A good Python package should be functional, well-documented, and easy to write. Finding the right package for a job can be challenging given the over 300 thousand packages on PyPi, the Python package repository. I compiled a list of my favorite packages to assist any Python coder. You may be familiar with some of these, while others might be hidden gems. All packages listed can be found on PyPi and the Posit Package Manager.
- Data Management
- Utilities
- Exploratory Data Analysis
- Data Visualization
- Web
- Machine Learning
- Text Analysis
- GUI
Data Management
Polars
Polars
is an excellent choice for large datasets.

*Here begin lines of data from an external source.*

(* Let $\mathcal{M}=\langle S,\to,L\rangle$ be a labeled transition system and let $B\subseteq S\times S$ be a reduced well-founded skipping relation (RWFSK) on $\mathcal{M}$. Then $B$ is a skipping simulation (SKS) on $\mathcal{M}$.
   Context: A labeled transition system is $\mathcal{M}=\langle S,\to,L\rangle$ where $S$ is a non-empty (possibly infinite) set of states, $\to\subseteq S\times S$ is left-total (every state has a successor), and $L$ is a function with domain $S$. A fullpath is an infinite sequence $\sigma$ of states with $\sigma(i)\to\sigma(i+1)$ for all $i\in\omega$; ''$\sigma$ is a fullpath starting at $s$'' means additionally $\sigma(0)=s$. $w\to^{+}v$ means there is a finite path $w=v_0\to\cdots\to v_k=v$ with $k\ge1$. Matching: let $\mathit{INC}$ be the set of strictly increasing infinite sequences of natural numbers starting at $0$. For a fullpath $\sigma$ and $\pi\in\mathit{INC}$, the $i$-th segment of $\sigma$ w.r.t. $\pi$ is the finite sequence $\sigma(\pi(i)),\dots,\sigma(\pi(i+1)-1)$. For a relation $B$, fullpaths $\sigma,\delta$ and $\pi,\xi\in\mathit{INC}$, $\mathit{corr}(B,\sigma,\pi,\delta,\xi)$ holds iff for every $i\in\omega$ and every state $s$ in the $i$-th segment of $\sigma$ w.r.t. $\pi$, $sB\delta(\xi(i))$. $\mathit{match}(B,\sigma,\delta)$ holds iff there exist $\pi,\xi\in\mathit{INC}$ with $\mathit{corr}(B,\sigma,\pi,\delta,\xi)$. $B\subseteq S\times S$ is a skipping simulation (SKS) on $\mathcal{M}$ iff for all $s,w$ with $sBw$: (SKS1) $L(s)=L(w)$, and (SKS2) for every fullpath $\sigma$ starting at $s$ there is a fullpath $\delta$ starting at $w$ with $\mathit{match}(B,\sigma,\delta)$. $B$ is an RWFSK on $\mathcal{M}$ iff (RWFSK1) for all $s,w$ with $sBw$, $L(s)=L(w)$; and (RWFSK2) there exist a well-founded set $\langle W,\prec\rangle$ and a function $\mathit{rankt}:S\times S\to W$ such that for all $s,u,w\in S$ with $s\to u$ and $sBw$, either (a) $uBw$ and $\mathit{rankt}(u,w)\prec\mathit{rankt}(s,w)$, or (b) there is $v$ with $w\to^{+}v$ and $uBv$. *)

From Stdlib Require Import Relations Wellfounded.

Record LTS := {
  lts_S : Type;
  lts_step : lts_S -> lts_S -> Prop;
  lts_Lbl : Type;
  lts_L : lts_S -> lts_Lbl;
  lts_nonempty : inhabited lts_S;
  lts_total : forall s, exists u, lts_step s u
}.

Section Defs.
Variable M : LTS.
Notation St := (lts_S M).
Notation step := (lts_step M).
Notation L := (lts_L M).

Definition fullpath (sigma : nat -> St) : Prop :=
  forall i, step (sigma i) (sigma (S i)).

Definition fullpath_from (sigma : nat -> St) (s : St) : Prop :=
  fullpath sigma /\ sigma 0 = s.

Definition plus_step (w v : St) : Prop := clos_trans St step w v.

Definition INC (pi : nat -> nat) : Prop :=
  pi 0 = 0 /\ forall i, pi i < pi (S i).

Definition corr (B : St -> St -> Prop) (sigma : nat -> St) (pi : nat -> nat)
  (delta : nat -> St) (xi : nat -> nat) : Prop :=
  forall i j, pi i <= j < pi (S i) -> B (sigma j) (delta (xi i)).

Definition match_ (B : St -> St -> Prop) (sigma delta : nat -> St) : Prop :=
  exists pi xi, INC pi /\ INC xi /\ corr B sigma pi delta xi.

Definition SKS (B : St -> St -> Prop) : Prop :=
  forall s w, B s w ->
    L s = L w /\
    (forall sigma, fullpath_from sigma s ->
       exists delta, fullpath_from delta w /\ match_ B sigma delta).

Definition RWFSK (B : St -> St -> Prop) : Prop :=
  (forall s w, B s w -> L s = L w) /\
  exists (W : Type) (prec : W -> W -> Prop) (rankt : St -> St -> W),
    well_founded prec /\
    forall s u w, step s u -> B s w ->
      (B u w /\ prec (rankt u w) (rankt s w)) \/
      (exists v, plus_step w v /\ B u v).
End Defs.

(* Along a fullpath sigma starting at s, with s B w, the RWFSK condition lets
   sigma advance while staying related to w, and each such advance strictly
   decreases the rank; by well-foundedness, after finitely many steps sigma
   reaches a state related to some v with w ->+ v.  Iterating (dependent
   choice) cuts sigma into nonempty segments, the i-th related to w_i, where
   w_0 = w and w_i ->+ w_(i+1).  Gluing the finite paths w_i ->+ w_(i+1)
   gives the fullpath delta from w, with delta(xi i) = w_i at the segment
   boundaries xi. *)

From Stdlib Require Import Relations Arith Lia ClassicalEpsilon ChoiceFacts.

Lemma dependent_choice (X : Type) (R : X -> X -> Prop) :
  (forall x, exists y, R x y) ->
  forall x0, exists f : nat -> X, f 0 = x0 /\ forall n, R (f n) (f (S n)).
Proof. exact (functional_choice_imp_functional_dependent_choice choice (A := X) R). Qed.

Lemma clos_trans_finite_path (A : Type) (R : relation A) (x y : A) :
  clos_trans A R x y ->
  exists (k : nat) (f : nat -> A),
    0 < k /\ f 0 = x /\ f k = y /\ forall o, o < k -> R (f o) (f (S o)).
Proof.
  intro Hxy; apply clos_trans_t1n in Hxy.
  induction Hxy as [x y Hxy | x y z Hxy _ [k [f [Hk [Hf0 [Hfk Hf]]]]]].
  - exists 1, (fun o => match o with 0 => x | _ => y end).
    repeat split; auto.
    intros o Ho; replace o with 0 by lia; exact Hxy.
  - exists (S k), (fun o => match o with 0 => x | S o' => f o' end).
    repeat split; auto; try lia.
    intros [|o] Ho; [rewrite Hf0; exact Hxy | apply Hf; lia].
Qed.

Section Concatenation.

Variables (A : Type) (k : nat -> nat) (f : nat -> nat -> A).
Hypothesis k_pos : forall i, 0 < k i.

(* Block [i] consists of the [k i] values [f i 0, ..., f i (k i - 1)]. *)
Fixpoint block_start (i : nat) : nat :=
  match i with 0 => 0 | S i => block_start i + k i end.

Fixpoint cursor (m : nat) : nat * nat :=
  match m with
  | 0 => (0, 0)
  | S m => let '(i, o) := cursor m in
           if S o <? k i then (i, S o) else (S i, 0)
  end.

Definition concat (m : nat) : A := let '(i, o) := cursor m in f i o.

Lemma cursor_offset_lt (m : nat) : snd (cursor m) < k (fst (cursor m)).
Proof.
  induction m as [|m IH]; simpl; [apply k_pos|].
  destruct (cursor m) as [i o]; simpl in *.
  destruct (Nat.ltb_spec (S o) (k i)); simpl; auto.
Qed.

Lemma cursor_next_in_block (m i o : nat) :
  cursor m = (i, o) -> S o < k i -> cursor (S m) = (i, S o).
Proof.
  intros Hm Ho; simpl; rewrite Hm.
  destruct (Nat.ltb_spec (S o) (k i)); [reflexivity | lia].
Qed.

Lemma cursor_next_block (m i o : nat) :
  cursor m = (i, o) -> S o = k i -> cursor (S m) = (S i, 0).
Proof.
  intros Hm Ho; simpl; rewrite Hm.
  destruct (Nat.ltb_spec (S o) (k i)); [lia | reflexivity].
Qed.

Lemma cursor_within_block (i o : nat) :
  cursor (block_start i) = (i, 0) -> o < k i ->
  cursor (block_start i + o) = (i, o).
Proof.
  intro Hi; induction o as [|o IH]; intro Ho.
  - rewrite Nat.add_0_r; exact Hi.
  - rewrite Nat.add_succ_r; apply cursor_next_in_block; [apply IH; lia | exact Ho].
Qed.

Lemma cursor_block_start (i : nat) : cursor (block_start i) = (i, 0).
Proof.
  induction i as [|i IH]; [reflexivity|].
  pose proof (k_pos i).
  replace (block_start (S i)) with (S (block_start i + (k i - 1))) by (simpl; lia).
  apply cursor_next_block with (k i - 1); [apply cursor_within_block | ]; auto; lia.
Qed.

Lemma concat_block_start (i : nat) : concat (block_start i) = f i 0.
Proof. unfold concat; rewrite cursor_block_start; reflexivity. Qed.

Lemma block_start_INC : INC block_start.
Proof. split; [reflexivity | intro i; simpl; pose proof (k_pos i); lia]. Qed.

Lemma concat_steps (R : relation A) :
  (forall i o, o < k i -> R (f i o) (f i (S o))) ->
  (forall i, f i (k i) = f (S i) 0) ->
  forall m, R (concat m) (concat (S m)).
Proof.
  intros Hstep Hlink m; pose proof (cursor_offset_lt m) as Hm.
  unfold concat; simpl cursor.
  destruct (cursor m) as [i o]; simpl in Hm.
  destruct (Nat.ltb_spec (S o) (k i)).
  - apply Hstep; exact Hm.
  - rewrite <- Hlink; replace (k i) with (S o) by lia; apply Hstep; exact Hm.
Qed.

End Concatenation.

Lemma clos_trans_chain_concat (A : Type) (R : relation A) (a : nat -> A) :
  (forall i, clos_trans A R (a i) (a (S i))) ->
  exists (delta : nat -> A) (xi : nat -> nat),
    INC xi /\ (forall m, R (delta m) (delta (S m))) /\
    forall i, delta (xi i) = a i.
Proof.
  intro Ha.
  destruct (choice (fun (i : nat) (kf : nat * (nat -> A)) =>
              0 < fst kf /\ snd kf 0 = a i /\ snd kf (fst kf) = a (S i) /\
              forall o, o < fst kf -> R (snd kf o) (snd kf (S o))))
    as [kf Hkf].
  { intro i; destruct (clos_trans_finite_path A R _ _ (Ha i)) as [k [f Hf]].
    exists (k, f); exact Hf. }
  pose (k i := fst (kf i)); pose (f i := snd (kf i)).
  assert (k_pos : forall i, 0 < k i) by (intro i; apply Hkf).
  exists (concat A k f), (block_start k); split; [|split].
  - exact (block_start_INC k k_pos).
  - apply (concat_steps A k f k_pos); [intro i; apply Hkf |].
    intro i; unfold f, k.
    destruct (Hkf i) as [_ [_ [-> _]]], (Hkf (S i)) as [_ [-> _]]; reflexivity.
  - intro i; rewrite (concat_block_start A k f k_pos); apply Hkf.
Qed.

Section RankedTransfer.

Variables (M : LTS) (B : lts_S M -> lts_S M -> Prop).
Variables (W : Type) (prec : W -> W -> Prop) (rankt : lts_S M -> lts_S M -> W).
Hypothesis prec_wf : well_founded prec.
Hypothesis transfer : forall s u w, lts_step M s u -> B s w ->
  (B u w /\ prec (rankt u w) (rankt s w)) \/ (exists v, plus_step M w v /\ B u v).

Variable sigma : nat -> lts_S M.
Hypothesis sigma_fullpath : fullpath M sigma.

Lemma rwfsk_progress (p : nat) (w : lts_S M) :
  B (sigma p) w ->
  exists n v, p < n /\ plus_step M w v /\ B (sigma n) v /\
              forall j, p <= j < n -> B (sigma j) w.
Proof.
  remember (rankt (sigma p) w) as r eqn:Er; revert p Er.
  induction r as [r IH] using (well_founded_induction prec_wf); intros p Er Hp.
  destruct (transfer _ _ _ (sigma_fullpath p) Hp) as [[Hp' Hrank] | [v [Hwv Hv]]].
  - destruct (IH _ ltac:(subst; exact Hrank) (S p) eq_refl Hp')
      as [n [v [Hn [Hwv [Hv Hseg]]]]].
    exists n, v; repeat split; auto; try lia.
    intros j Hj; destruct (Nat.eq_dec j p) as [->|]; [exact Hp | apply Hseg; lia].
  - exists (S p), v; repeat split; auto.
    intros j Hj; replace j with p by lia; exact Hp.
Qed.

Lemma rwfsk_segments (w : lts_S M) :
  B (sigma 0) w ->
  exists (pi : nat -> nat) (ws : nat -> lts_S M),
    INC pi /\ ws 0 = w /\ (forall i, plus_step M (ws i) (ws (S i))) /\
    forall i j, pi i <= j < pi (S i) -> B (sigma j) (ws i).
Proof.
  intro Hw.
  pose (X := {c : nat * lts_S M | B (sigma (fst c)) (snd c)}).
  destruct (dependent_choice X (fun x y =>
      fst (proj1_sig x) < fst (proj1_sig y) /\
      plus_step M (snd (proj1_sig x)) (snd (proj1_sig y)) /\
      forall j, fst (proj1_sig x) <= j < fst (proj1_sig y) ->
                B (sigma j) (snd (proj1_sig x))))
    with (x0 := exist _ (0, w) Hw : X) as [c [Hc0 Hc]].
  { intros [[p v] Hv]; simpl in Hv.
    destruct (rwfsk_progress p v Hv) as [n [v' [Hn [Hvv' [Hv' Hseg]]]]].
    exists (exist _ (n, v') Hv'); simpl; auto. }
  exists (fun i => fst (proj1_sig (c i))), (fun i => snd (proj1_sig (c i))).
  repeat split; [rewrite Hc0; reflexivity | apply Hc | rewrite Hc0; reflexivity
                | apply Hc | apply Hc].
Qed.

End RankedTransfer.

Theorem theorem2 (M : LTS) (B : lts_S M -> lts_S M -> Prop) :
  RWFSK M B -> SKS M B.
Proof.
  intros [Hlabel [W [prec [rankt [prec_wf transfer]]]]] s w Hsw.
  split; [exact (Hlabel s w Hsw)|].
  intros sigma [Hsigma Hsigma0]; subst s.
  destruct (rwfsk_segments M B W prec rankt prec_wf transfer sigma Hsigma w Hsw)
    as [pi [ws [Hpi [Hws0 [Hplus Hseg]]]]].
  destruct (clos_trans_chain_concat _ (lts_step M) ws Hplus)
    as [delta [xi [Hxi [Hdelta Hboundary]]]].
  exists delta; split.
  - split; [exact Hdelta | rewrite <- Hws0, <- Hboundary, (proj1 Hxi); reflexivity].
  - exists pi, xi; repeat split; try apply Hpi; try apply Hxi.
    intros i j Hj; rewrite Hboundary; exact (Hseg i j Hj).
Qed.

It is built for speed and efficient memory usage, enabling datasets too big for Pandas to be loaded and manipulated. Polars
has a consistent but familiar API making it easy to transition from Pandas to Polars
. Just as an example, a 50GB file with 1 billion rows was loaded in 143 seconds by Polars
. Pandas couldn’t load the dataset.
import polars as pl
q = (
pl.scan_csv("iris.csv")
.filter(pl.col("sepal_length") > 5)
.groupby("species")
.agg(pl.all().sum())
)
df = q.collect()
xlwings
xlwings is one of the most valuable packages anyone working with spreadsheets can install. With xlwings, spreadsheets (excel and google) can be created, loaded, altered, and automated. The package has additional features allowing Python to be called from excel, workbooks to be exposed through API, and array formulas to be built.
DuckDB
DuckDB is an in-process SQL OLAP database management system with a fully featured Python API. One of the best features of DuckDB is allowing users to write SQL queries directly on a variety of dataframes, including both Polars and Pandas. Other features include creating persistent tables from dataframes and registering dataframes as virtual tables.
Utilities
python-fsutil
python-fsutil is a great package for anyone that works with file systems. This package contains a ton of functions that make working with directories, paths, and files a breeze. Many of the mundane file system operations can be easily automated. Things like cleaning directories, creating zip files, getting file creation dates, and more are quickly achievable with this package.
Pins
Pins is a terrific way to store, share, version, and publish Python data products (datasets, models, etc.). Pins is compatible with tools most of us already use, like network drives, Amazon S3, Posit Connect, DropBox, Google Cloud Storage, and more. Pins makes tracking changes and re-running analysis on historical data efficient.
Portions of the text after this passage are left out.